• Assignment
Exactly as given, write out the lines from the one containing "assert (Hb : mem3 Wb g c1" through the end of the listing, with both ends included and nothing else.

• Material for this task
▽
Lemma sub_clause_compose Wa Wb W ga gb g c0 c1 c2 :
  (forall ga gb g c0 c1 c2, mem3 Wa ga c0 c1 -> mem3 Wb gb c1 c2 ->
     disjoint_dom ga gb -> union2 g ga gb -> mem3 W g c0 c2) ->
  sub_clause Wa ga c0 c1 -> sub_clause Wb gb c1 c2 ->
  disjoint_dom ga gb -> union2 g ga gb -> sub_clause W g c0 c2.
Proof.
  intros HW Ha Hb Hd Hu; unfold sub_clause in Ha, Hb.
  destruct Ha as [A|[A|[A|A]]]; destruct Hb as [B|[B|[B|B]]]; destruct_all; try clash; code_inj.
  - left; match goal with _ : f_eq c0 ?t ?s, _ : f_eq c2 ?t' ?s' |- _ => exists t, s, t', s' end.
    do 2 (split; [eassumption|]).
    split; [eapply sub_term_compose; eassumption|]; split; [eapply sub_term_compose; eassumption|].
    left; split; eassumption.
  - left; match goal with _ : f_in c0 ?t ?s, _ : f_in c2 ?t' ?s' |- _ => exists t, s, t', s' end.
    do 2 (split; [eassumption|]).
    split; [eapply sub_term_compose; eassumption|]; split; [eapply sub_term_compose; eassumption|].
    right; split; eassumption.
  - right; left; do 2 eexists; do 2 (split; [eassumption|]); eapply HW; eassumption.
  - right; right; left; do 4 eexists; do 2 (split; [eassumption|]); split; eapply HW; eassumption.
  - right; right; right.
    match goal with
    | Ha : Defs.remove _ _ ga ?i ?ha, Hb : Defs.remove _ _ gb ?i ?hb,
      Hma : mem3 Wa ?ha ?phi _, Hmb : mem3 Wb ?hb _ ?tau |- _ =>
        destruct (union2_exists ha hb) as [h Hh];
        exists i, phi, tau, h; do 2 (split; [eassumption|]); split;
        [ intro p; rewrite (Hh p), (Hu p), (Ha p), (Hb p); tauto
        | apply (HW ha hb h phi _ tau Hma Hmb); [|exact Hh] ];
        intros p p' ? ? ? Hp Hp' Hpa Hpb; apply Ha in Hpa; apply Hb in Hpb;
        exact (Hd _ _ _ _ _ Hp Hp' (proj1 Hpa) (proj1 Hpb))
    end.
Qed.

(* Substituting [ga] and then [gb] is substituting [ga U gb] when the domains are disjoint. *)
Lemma sub_witness_compose Wa Wb : sub_witness Wa -> sub_witness Wb ->
  exists W, sub_witness W /\
    forall ga gb g c0 c1 c2, mem3 Wa ga c0 c1 -> mem3 Wb gb c1 c2 ->
      disjoint_dom ga gb -> union2 g ga gb -> mem3 W g c0 c2.
Proof.
  intros HWa HWb.
  destruct (image2_set (fun pa pb e => exists ga c0 c1 qa gb c2 qb g q,
     opair qa c0 c1 /\ opair pa ga qa /\ opair qb c1 c2 /\ opair pb gb qb /\ disjoint_dom ga gb /\
     union2 g ga gb /\ opair q c0 c2 /\ opair e g q)) with (A := Wa) (B := Wb) as [W HW].
  - intros E i j k; unfold disjoint_dom, union2; prove_definable.
  - intros pa pb e e'
      (ga & c0 & c1 & qa & gb & c2 & qb & g & q & H1 & H2 & H3 & H4 & _ & H6 & H7 & H8)
      (ga' & c0' & c1' & qa' & gb' & c2' & qb' & g' & q' &
       H1' & H2' & H3' & H4' & _ & H6' & H7' & H8').
    destruct (opair_inj _ _ _ _ _ H2 H2') as [<- <-], (opair_inj _ _ _ _ _ H4 H4') as [<- <-].
    destruct (opair_inj _ _ _ _ _ H1 H1') as [<- <-], (opair_inj _ _ _ _ _ H3 H3') as [_ <-].
    assert (g = g') as <- by (apply set_ext; intro x; rewrite (H6 x), (H6' x); tauto).
    rewrite (opair_unique _ _ _ _ H7 H7') in H8; exact (opair_unique _ _ _ _ H8 H8').
  - assert (Hmem : forall ga gb g c0 c1 c2, mem3 Wa ga c0 c1 -> mem3 Wb gb c1 c2 ->
        disjoint_dom ga gb -> union2 g ga gb -> mem3 W g c0 c2).
    { intros ga gb g c0 c1 c2 [pa [qa [Hqa [Hpa Hpain]]]] [pb [qb [Hqb [Hpb Hpbin]]]] Hd Hu.
      destruct (opair_exists c0 c2) as [q Hq]; destruct (opair_exists g q) as [e He].
      exists e, q; split; [exact Hq | split; [exact He|]].
      apply HW; exists pa, pb; split; [exact Hpain | split; [exact Hpbin|]].
      exists ga, c0, c1, qa, gb, c2, qb, g, q; tauto. }
    exists W; split; [|exact Hmem].
    intros e He; apply HW in He.
    destruct He as (pa & pb & Hpa & Hpb & ga & c0 & c1 & qa & gb & c2 & qb & g & q &
                    H1 & H2 & H3 & H4 & Hd & Hu & Hq & He).
    assert (Ha : mem3 Wa ga c0 c1) by (exists pa, qa; auto).
    assert (Hb : mem3 Wb gb c1 c2) by (exists pb, qb; auto).
    destruct (sub_witness_clause _ _ _ _ HWa Ha) as [Hfa Hca].
    destruct (sub_witness_clause _ _ _ _ HWb Hb) as [Hfb Hcb].
    exists g, c0, c2, q; split; [exact Hq | split; [exact He|]].
    split; [exact (func_union _ _ _ Hfa Hfb Hd Hu)|].
    exact (sub_clause_compose _ _ _ _ _ _ _ _ _ Hmem Hca Hcb Hd Hu).
Qed.

Lemma sub_term_closed g t t' G G' :
  sub_term g t t' -> term t -> (forall i, var_t t i -> ein i G) -> dom_diff G' G g ->
  term t' /\ forall i, var_t t' i -> ein i G'.
Proof.
  intros Hs Ht HG Hd; destruct Hs as [[i [a [Hv [Happ Hc]]]] | [Hn ->]].
  - split; [left; exists a; exact Hc | intros j Hj; destruct (const_not_var _ _ _ Hc Hj)].
  - split; [exact Ht|]; intros j Hj; apply Hd; split; [exact (HG j Hj)|].
    intros [p [y [Hp Hpg]]]; apply Hn; exists j, y; split; [exact Hj | exists p; auto].
Qed.

Lemma dom_diff_remove G' G g i h G1 G1' :
  dom_diff G' G g -> remove g i h ->
  (forall w, ein w G1 <-> ein w G \/ w = i) -> (forall w, ein w G1' <-> ein w G' \/ w = i) ->
  dom_diff G1' G1 h.
Proof.
  intros Hd Hr HG1 HG1' w; rewrite (HG1' w), (HG1 w), (Hd w).
  destruct (classic (w = i)) as [-> | Hwi].
  - split; [intros _; split; [right; reflexivity|] | intros _; right; reflexivity].
    intros [p [y [Hp Hph]]]; apply Hr in Hph; destruct Hph as [_ [a [b [Hab Hne]]]].
    exact (Hne (proj1 (opair_inj _ _ _ _ _ Hab Hp))).
  - split.
    + intros [[HwG Hnd] | Hw]; [|contradiction]; split; [left; exact HwG|].
      intros [p [y [Hp Hph]]]; apply Hr in Hph; apply Hnd; exists p, y; tauto.
    + intros [[HwG | Hw] Hnd]; [|contradiction]; left; split; [exact HwG|].
      intros [p [y [Hp Hpg]]]; apply Hnd; exists p, y; split; [exact Hp|].
      apply Hr; split; [exact Hpg | exists w, y; auto].
Qed.

Lemma closed_clause_compose Wc Wb W G c1 g c2 G' :
  (forall G c1 g c2 G', mem2 Wc G c1 -> mem3 Wb g c1 c2 -> dom_diff G' G g -> mem2 W G' c2) ->
  closed_clause Wc G c1 -> sub_clause Wb g c1 c2 -> dom_diff G' G g -> closed_clause W G' c2.
Proof.
  intros HW Hc Hs Hd; unfold closed_clause in Hc; unfold sub_clause in Hs.
  destruct Hc as [A|[A|[A|A]]]; destruct Hs as [B|[B|[B|B]]]; destruct_all; try clash; code_inj.
  - left; match goal with _ : f_eq c2 ?t' ?s' |- _ => exists t', s' end.
    match goal with
    | Ht : sub_term g ?t _, Hs : sub_term g ?s _, _ : f_eq c1 ?t ?s |- _ =>
        destruct (sub_term_closed _ _ _ _ _ Ht ltac:(eassumption) ltac:(eassumption) Hd);
        destruct (sub_term_closed _ _ _ _ _ Hs ltac:(eassumption) ltac:(eassumption) Hd)
    end; tauto.
  - left; match goal with _ : f_in c2 ?t' ?s' |- _ => exists t', s' end.
    match goal with
    | Ht : sub_term g ?t _, Hs : sub_term g ?s _, _ : f_in c1 ?t ?s |- _ =>
        destruct (sub_term_closed _ _ _ _ _ Ht ltac:(eassumption) ltac:(eassumption) Hd);
        destruct (sub_term_closed _ _ _ _ _ Hs ltac:(eassumption) ltac:(eassumption) Hd)
    end; tauto.
  - right; left; eexists; split; [eassumption | eapply HW; eassumption].
  - right; right; left.
    match goal with
    | H1 : mem2 Wc G ?a, H2 : mem2 Wc G ?b, Hs1 : mem3 Wb g ?a ?ta, Hs2 : mem3 Wb g ?b ?tb,
      _ : f_or c1 ?a ?b |- _ =>
        exists ta, tb; split; [eassumption|];
        split; [exact (HW _ _ _ _ _ H1 Hs1 Hd) | exact (HW _ _ _ _ _ H2 Hs2 Hd)]
    end.
  - right; right; right.
    match goal with
    | Hr : Defs.remove _ _ g ?i ?h, HG1 : forall w, ein w ?G1 <-> ein w G \/ w = ?i,
      Hm : mem2 Wc ?G1 ?phi, Hms : mem3 Wb ?h ?phi ?tau |- _ =>
        destruct (sing_exists i) as [si Hsi]; destruct (union2_exists G' si) as [G1' HG1'];
        assert (HG1'' : forall w, ein w G1' <-> ein w G' \/ w = i)
          by (intro w; rewrite (HG1' w), (Hsi w); tauto);
        exists i, tau, G1'; split; [eassumption | split; [exact HG1''|]];
        exact (HW _ _ _ _ _ Hm Hms (dom_diff_remove _ _ _ _ _ _ _ Hd Hr HG1 HG1''))
    end.
Qed.

(* Substituting [g] into a formula whose free variables lie in [G] leaves free variables in
   [G \ dom g]. *)
Lemma closed_witness_compose Wc Wb : closed_witness Wc -> sub_witness Wb ->
  exists W, closed_witness W /\
    forall G c1 g c2 G', mem2 Wc G c1 -> mem3 Wb g c1 c2 -> dom_diff G' G g -> mem2 W G' c2.
Proof.
  intros HWc HWb.
  destruct (image2_set (fun pc pb e => exists G c1 g c2 qb G',
     opair pc G c1 /\ opair qb c1 c2 /\ opair pb g qb /\ dom_diff G' G g /\ opair e G' c2))
     with (A := Wc) (B := Wb) as [W HW].
  - intros E i j k; unfold dom_diff; prove_definable.
  - intros pc pb e e' (G & c1 & g & c2 & qb & G' & H1 & H2 & H3 & H4 & H5)
      (G0 & c1' & g' & c2' & qb' & G0' & H1' & H2' & H3' & H4' & H5').
    destruct (opair_inj _ _ _ _ _ H1 H1') as [<- <-], (opair_inj _ _ _ _ _ H3 H3') as [<- <-].
    destruct (opair_inj _ _ _ _ _ H2 H2') as [_ <-].
    assert (G' = G0') as <- by (apply set_ext; intro x; rewrite (H4 x), (H4' x); tauto).
    exact (opair_unique _ _ _ _ H5 H5').
  - assert (Hmem : forall G c1 g c2 G', mem2 Wc G c1 -> mem3 Wb g c1 c2 -> dom_diff G' G g ->
        mem2 W G' c2).
    { intros G c1 g c2 G' [pc [Hpc Hpcin]] [pb [qb [Hqb [Hpb Hpbin]]]] Hd.
      destruct (opair_exists G' c2) as [e He]; exists e; split; [exact He|].
      apply HW; exists pc, pb; split; [exact Hpcin | split; [exact Hpbin|]].
      exists G, c1, g, c2, qb, G'; tauto. }
    exists W; split; [|exact Hmem].
    intros e He; apply HW in He.
    destruct He as (pc & pb & Hpc & Hpb & G & c1 & g & c2 & qb & G' & H1 & H2 & H3 & Hd & He).
    assert (Hc : mem2 Wc G c1) by (exists pc; auto).
    assert (Hb : mem3 Wb g c1 c2) by (exists pb, qb; auto).
    pose proof (closed_witness_clause _ _ _ HWc Hc) as Hcc.
    destruct (sub_witness_clause _ _ _ _ HWb Hb) as [_ Hcb].
    exists G', c2; split; [exact He|].
    exact (closed_clause_compose _ _ _ _ _ _ _ _ Hmem Hcc Hcb Hd).
Qed.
△
• Task output
    assert (Hb : mem3 Wb g c1 c2) by (exists pb, qb; auto).
    pose proof (closed_witness_clause _ _ _ HWc Hc) as Hcc.
    destruct (sub_witness_clause _ _ _ _ HWb Hb) as [_ Hcb].
    exists G', c2; split; [exact He|].
    exact (closed_clause_compose _ _ _ _ _ _ _ _ Hmem Hcc Hcb Hd).
Qed.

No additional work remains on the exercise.